* TASK ITEM *
Only one span of the listing below is wanted: the lines from the one with "Lemma stopped_after_diameter D" through the one with "Lemma running_before_diameter u", reproduced exactly, both ends kept.
━━━━━━━━━━
(* Let $\mathcal G=(\mathcal V,\mathcal E)$ be a finite digraph with vertices $v_1,\dots,v_N$ and finite digraph diameter $D$, and run the synchronous dynamics described in the context. For each $i$ let $\tau_i=\min\{k\ge 1: w_i[k]=\text{True}\}$ be the number of iterations after which vertex $v_i$ stops (the first step at which $y_i$ does not change). Then the algorithm converges in $D+1$ iterations, i.e. $\max_{1\le i\le N}\tau_i=D+1$ (equivalently $\min\{k\ge1: w_i[k]=\text{True for all } i\}=D+1$), and hence $D=\max_{1\le i\le N}\tau_i-1$.
   Context: For $v\in\mathcal V$, $\mathcal N^-_{v}=\{u:(u,v)\in\mathcal E\}$ is the set of in-neighbors of $v$. The finite digraph diameter $D$ is the maximum, over all ordered pairs $(u,v)$ of vertices such that a directed path from $u$ to $v$ exists, of the number of edges of a shortest directed path from $u$ to $v$ (with distance $0$ when $u=v$). The dynamics are run synchronously by all vertices at every time step $k=0,1,2,\dots$: initialize $x_i[0]=\{v_i\}$, $y_i[0]=1$, $z_i[0]=\emptyset$, $w_i[0]=\text{False}$, and for $k\ge 0$ set $x_i[k+1]=\bigcup_{v_j\in\mathcal N^-_{v_i}\cup\{v_i\}}x_j[k]$; $y_i[k+1]=\max\{\max_{v_j\in\mathcal N^-_{v_i}}|x_j[k]|,\ |x_i[k+1]|\}$ (the inner maximum is omitted if $\mathcal N^-_{v_i}=\emptyset$); $z_i[k+1]=\{v_j:\ y_i[k+1]=y_j[k]\ \text{and}\ v_j\in\bigcup_{v_l\in\mathcal N^-_{v_i}\cup\{v_i\}}x_l[k]\}$; $w_i[k+1]=\text{True}$ if $y_i[k+1]=y_i[k]$ and False otherwise. *)

From mathcomp Require Import all_boot.
Set Implicit Arguments. Unset Strict Implicit. Unset Printing Implicit Defensive.

(* Digraph: vertex set = finite type T, edge relation E : rel T,
   (u, v) is an edge iff E u v.  In-neighbours of v: [set u | E u v]. *)

Section Dyn.
Variables (T : finType) (E : rel T).

Definition walk_len (u v : T) (k : nat) : Prop :=
  exists p : seq T, [/\ size p = k, path E u p & last u p = v].

Definition shortest_dist (u v : T) (d : nat) : Prop :=
  walk_len u v d /\ forall d', walk_len u v d' -> d <= d'.

Definition is_diameter (D : nat) : Prop :=
  (exists u v, shortest_dist u v D) /\
  (forall u v d, shortest_dist u v d -> d <= D).

Record state := State {
  sx : T -> {set T};
  sy : T -> nat;
  sz : T -> {set T};
  sw : T -> bool }.

Definition init_state : state :=
  State (fun i => [set i]) (fun _ => 1) (fun _ => set0) (fun _ => false).

Definition step (s : state) : state :=
  let x' := fun i => \bigcup_(j | E j i || (j == i)) sx s j in
  let y' := fun i => maxn (\max_(j | E j i) #|sx s j|) #|x' i| in
  State x'
        y'
        (fun i => [set j | (y' i == sy s j) && (j \in x' i)])
        (fun i => y' i == sy s i).

Definition st (k : nat) : state := iter k step init_state.

Definition w_at (k : nat) (i : T) : bool := sw (st k) i.

Definition first_stop (i : T) (t : nat) : Prop :=
  [/\ 1 <= t, w_at t i & forall k, 1 <= k < t -> ~~ w_at k i].

Definition first_all_stop (t : nat) : Prop :=
  [/\ 1 <= t, (forall i, w_at t i) &
      forall k, 1 <= k < t -> exists i, ~~ w_at k i].

End Dyn.

From mathcomp Require Import all_boot.
Set Implicit Arguments. Unset Strict Implicit. Unset Printing Implicit Defensive.

(* The key invariant is that x_i[k] is the in-ball of radius k around v_i:
   the set of vertices having a directed walk of length at most k to v_i
   ([mem_sx]).  Since every in-neighbour ball x_j[k] is contained in
   x_i[k+1], the maximum in the definition of y_i is attained by |x_i[k+1]|,
   so y_i[k] = |x_i[k]| ([sy_card]).  Hence v_i fails to stop at step k+1
   exactly when its ball strictly grows, i.e. when some vertex is at
   distance exactly k+1 from v_i ([not_stopped_iff_dist]).

   For the theorem: no vertex is at distance D+1 from anyone, so every
   vertex has stopped at step D+1; conversely, a pair (u,v) realising the
   diameter has, along a shortest path, vertices at every distance k <= D
   from v ([shortest_suffix]), so v is still running at steps 1..D.  The
   stopping times are therefore all at most D+1, with D+1 attained at v. *)

Section Walks.
Variables (T : finType) (E : rel T).

Lemma walk_len0 u v : walk_len E u v 0 <-> u = v.
Proof.
split; first by case=> p [/size0nil -> _ /=].
by move=> ->; exists [::].
Qed.

Lemma walk_len_cat u w v a b :
  walk_len E u w a -> walk_len E w v b -> walk_len E u v (a + b).
Proof.
move=> [p [sp pp lp]] [q [sq pq lq]]; exists (p ++ q); split.
- by rewrite size_cat sp sq.
- by rewrite cat_path pp lp.
- by rewrite last_cat lp.
Qed.

Lemma walk_len_split u v a b :
  walk_len E u v (a + b) -> exists w, walk_len E u w a /\ walk_len E w v b.
Proof.
move=> [p [sp pp lp]]; rewrite -(cat_take_drop a p) cat_path in pp.
case/andP: pp => ptake pdrop.
exists (last u (take a p)); split.
  by exists (take a p); split => //; rewrite size_takel // sp leq_addr.
exists (drop a p); split => //; first by rewrite size_drop sp addKn.
by rewrite -last_cat cat_take_drop.
Qed.

Lemma walk_len_rcons u j i m :
  walk_len E u j m -> E j i -> walk_len E u i m.+1.
Proof.
move=> [p [sp pp lp]] e; exists (rcons p i); split.
- by rewrite size_rcons sp.
- by rewrite rcons_path pp lp e.
- by rewrite last_rcons.
Qed.

Lemma walk_len_last u i m :
  walk_len E u i m.+1 -> exists j, walk_len E u j m /\ E j i.
Proof.
case=> p []; case/lastP: p => [//|q z].
rewrite size_rcons rcons_path last_rcons => /succn_inj sq /andP[pq e] zi.
by exists (last u q); split; [exists q | rewrite -zi].
Qed.

(* A suffix of a shortest walk is again shortest: a vertex at distance d
   from v yields vertices at every distance k <= d from v. *)
Lemma shortest_suffix u v d k :
  shortest_dist E u v d -> k <= d -> exists x, shortest_dist E x v k.
Proof.
move=> [w mn] kd; move: w; rewrite -(subnK kd) => /walk_len_split [x [w1 w2]].
exists x; split => // d' wd'; have := mn _ (walk_len_cat w1 wd').
by rewrite -{1}(subnK kd) leq_add2l.
Qed.

End Walks.

Section Dynamics.
Variables (T : finType) (E : rel T).

Lemma mem_sx k u i :
  u \in sx (st E k) i <-> exists2 m, m <= k & walk_len E u i m.
Proof.
elim: k i => [|k IH] i.
  rewrite /= in_set1; split; first by move/eqP->; exists 0 => //; apply/walk_len0.
  by case=> m; rewrite leqn0 => /eqP -> /walk_len0 ->.
change (sx (st E k.+1) i) with (\bigcup_(j | E j i || (j == i)) sx (st E k) j).
split.
  case/bigcupP=> j /orP[e|/eqP ->] /IH [m mk w].
    by exists m.+1 => //; exact: walk_len_rcons w e.
  by exists m => //; exact: leqW.
case=> [[|m]] mk w.
  by apply/bigcupP; exists i; [rewrite eqxx orbT | apply/IH; exists 0].
case: (walk_len_last w) => j [wj e].
by apply/bigcupP; exists j; [rewrite e | apply/IH; exists m].
Qed.

Lemma sx_step_sub k i : sx (st E k) i \subset sx (st E k.+1) i.
Proof.
apply/subsetP => u /mem_sx [m mk w]; apply/mem_sx.
by exists m => //; exact: leqW.
Qed.

(* The in-neighbours' balls are contained in the new ball, so y_i[k] is
   simply the size of x_i[k]. *)
Lemma sy_card k i : sy (st E k) i = #|sx (st E k) i|.
Proof.
case: k => [|k]; first by rewrite /= cards1.
change (sy (st E k.+1) i) with
  (maxn (\max_(j | E j i) #|sx (st E k) j|) #|sx (st E k.+1) i|).
apply/maxn_idPr/bigmax_leqP => j e; apply/subset_leq_card/subsetP.
move=> u /mem_sx [m mk w]; apply/mem_sx; exists m.+1 => //.
exact: walk_len_rcons w e.
Qed.

Lemma not_stopped_iff_dist k i :
  ~~ w_at E k.+1 i <-> exists u, shortest_dist E u i k.+1.
Proof.
have -> : w_at E k.+1 i = (#|sx (st E k.+1) i| == #|sx (st E k) i|).
  by rewrite -!sy_card.
rewrite eqn_leq (subset_leq_card (sx_step_sub k i)) andbT -ltnNge.
split.
  move=> lt_card; have : ~~ (sx (st E k.+1) i \subset sx (st E k) i).
    by apply: contraTN lt_card => /subset_leq_card; rewrite leqNgt.
  case/subsetPn => u /mem_sx [m mk wm] /negP nu; exists u.
  have far d : walk_len E u i d -> k < d.
    by move=> wd; rewrite ltnNge; apply/negP => dk; apply/nu/mem_sx; exists d.
  suff em : k.+1 = m by split=> [|d /far]; rewrite em.
  by apply/eqP; rewrite eqn_leq far.
move=> [u [w mn]]; apply: proper_card; rewrite properE sx_step_sub andTb.
apply/subsetPn; exists u; first by apply/mem_sx; exists k.+1.
by apply/negP=> /mem_sx [m mk /mn]; rewrite leqNgt ltnS mk.
Qed.

Lemma stopped_after_diameter D i :
  (forall u v d, shortest_dist E u v d -> d <= D) -> w_at E D.+1 i.
Proof.
move=> Dmax; apply/negPn/negP => /not_stopped_iff_dist [u /Dmax].
by rewrite ltnn.
Qed.

Lemma running_before_diameter u v D k :
  shortest_dist E u v D -> 1 <= k <= D -> ~~ w_at E k v.
Proof.
case: k => [//|k] Duv /andP[_ kD].
by have [x sx_k] := shortest_suffix Duv kD; apply/not_stopped_iff_dist; exists x.
Qed.

Lemma first_stop_exists i k : 1 <= k -> w_at E k i -> exists t, first_stop E i t.
Proof.
move=> k1 wk; have ex : exists k, (0 < k) && w_at E k i by exists k; rewrite k1.
case: (ex_minnP ex) => t /andP[t1 wt] mn; exists t; split => // k' /andP[k'1 k't].
by apply/negP => wk'; move: (mn k'); rewrite k'1 wk' leqNgt k't => /(_ isT).
Qed.

Lemma first_stop_le i k t : 1 <= k -> w_at E k i -> first_stop E i t -> t <= k.
Proof.
move=> k1 wk [_ _ mn]; rewrite leqNgt; apply/negP => lt.
by move: (mn k); rewrite k1 lt wk => /(_ isT).
Qed.

Lemma first_stop_gt i n t :
  (forall k, 1 <= k <= n -> ~~ w_at E k i) -> first_stop E i t -> n < t.
Proof.
move=> run [t1 wt _]; rewrite ltnNge; apply/negP => tn.
by move: (run t); rewrite t1 tn wt => /(_ isT).
Qed.

End Dynamics.

Theorem theorem3 (T : finType) (E : rel T) (D : nat) :
  is_diameter E D ->
  (forall i : T, exists t, first_stop E i t) /\
  (forall tau : T -> nat, (forall i, first_stop E i (tau i)) ->
      \max_(i : T) tau i = D.+1 /\ D = (\max_(i : T) tau i).-1) /\
  first_all_stop E D.+1.
Proof.
move=> [[u [v Duv]] Dmax].
have stopD i : w_at E D.+1 i := stopped_after_diameter i Dmax.
have runv k : 1 <= k <= D -> ~~ w_at E k v := running_before_diameter Duv.
split; first by move=> i; exact: first_stop_exists (stopD i).
split.
  move=> tau htau.
  suff mx : \max_(i : T) tau i = D.+1 by rewrite mx.
  apply/eqP; rewrite eqn_leq; apply/andP; split.
    by apply/bigmax_leqP => i _; exact: first_stop_le (stopD i) (htau i).
  exact: leq_trans (first_stop_gt runv (htau v)) (leq_bigmax v).
split => // k /andP[k1 kD]; exists v; apply: runv.
by rewrite k1 -ltnS kD.
Qed.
━━━━━━━━━━
* EXERCISE SOLUTION *
Lemma stopped_after_diameter D i :
  (forall u v d, shortest_dist E u v d -> d <= D) -> w_at E D.+1 i.
Proof.
move=> Dmax; apply/negPn/negP => /not_stopped_iff_dist [u /Dmax].
by rewrite ltnn.
Qed.

Lemma running_before_diameter u v D k :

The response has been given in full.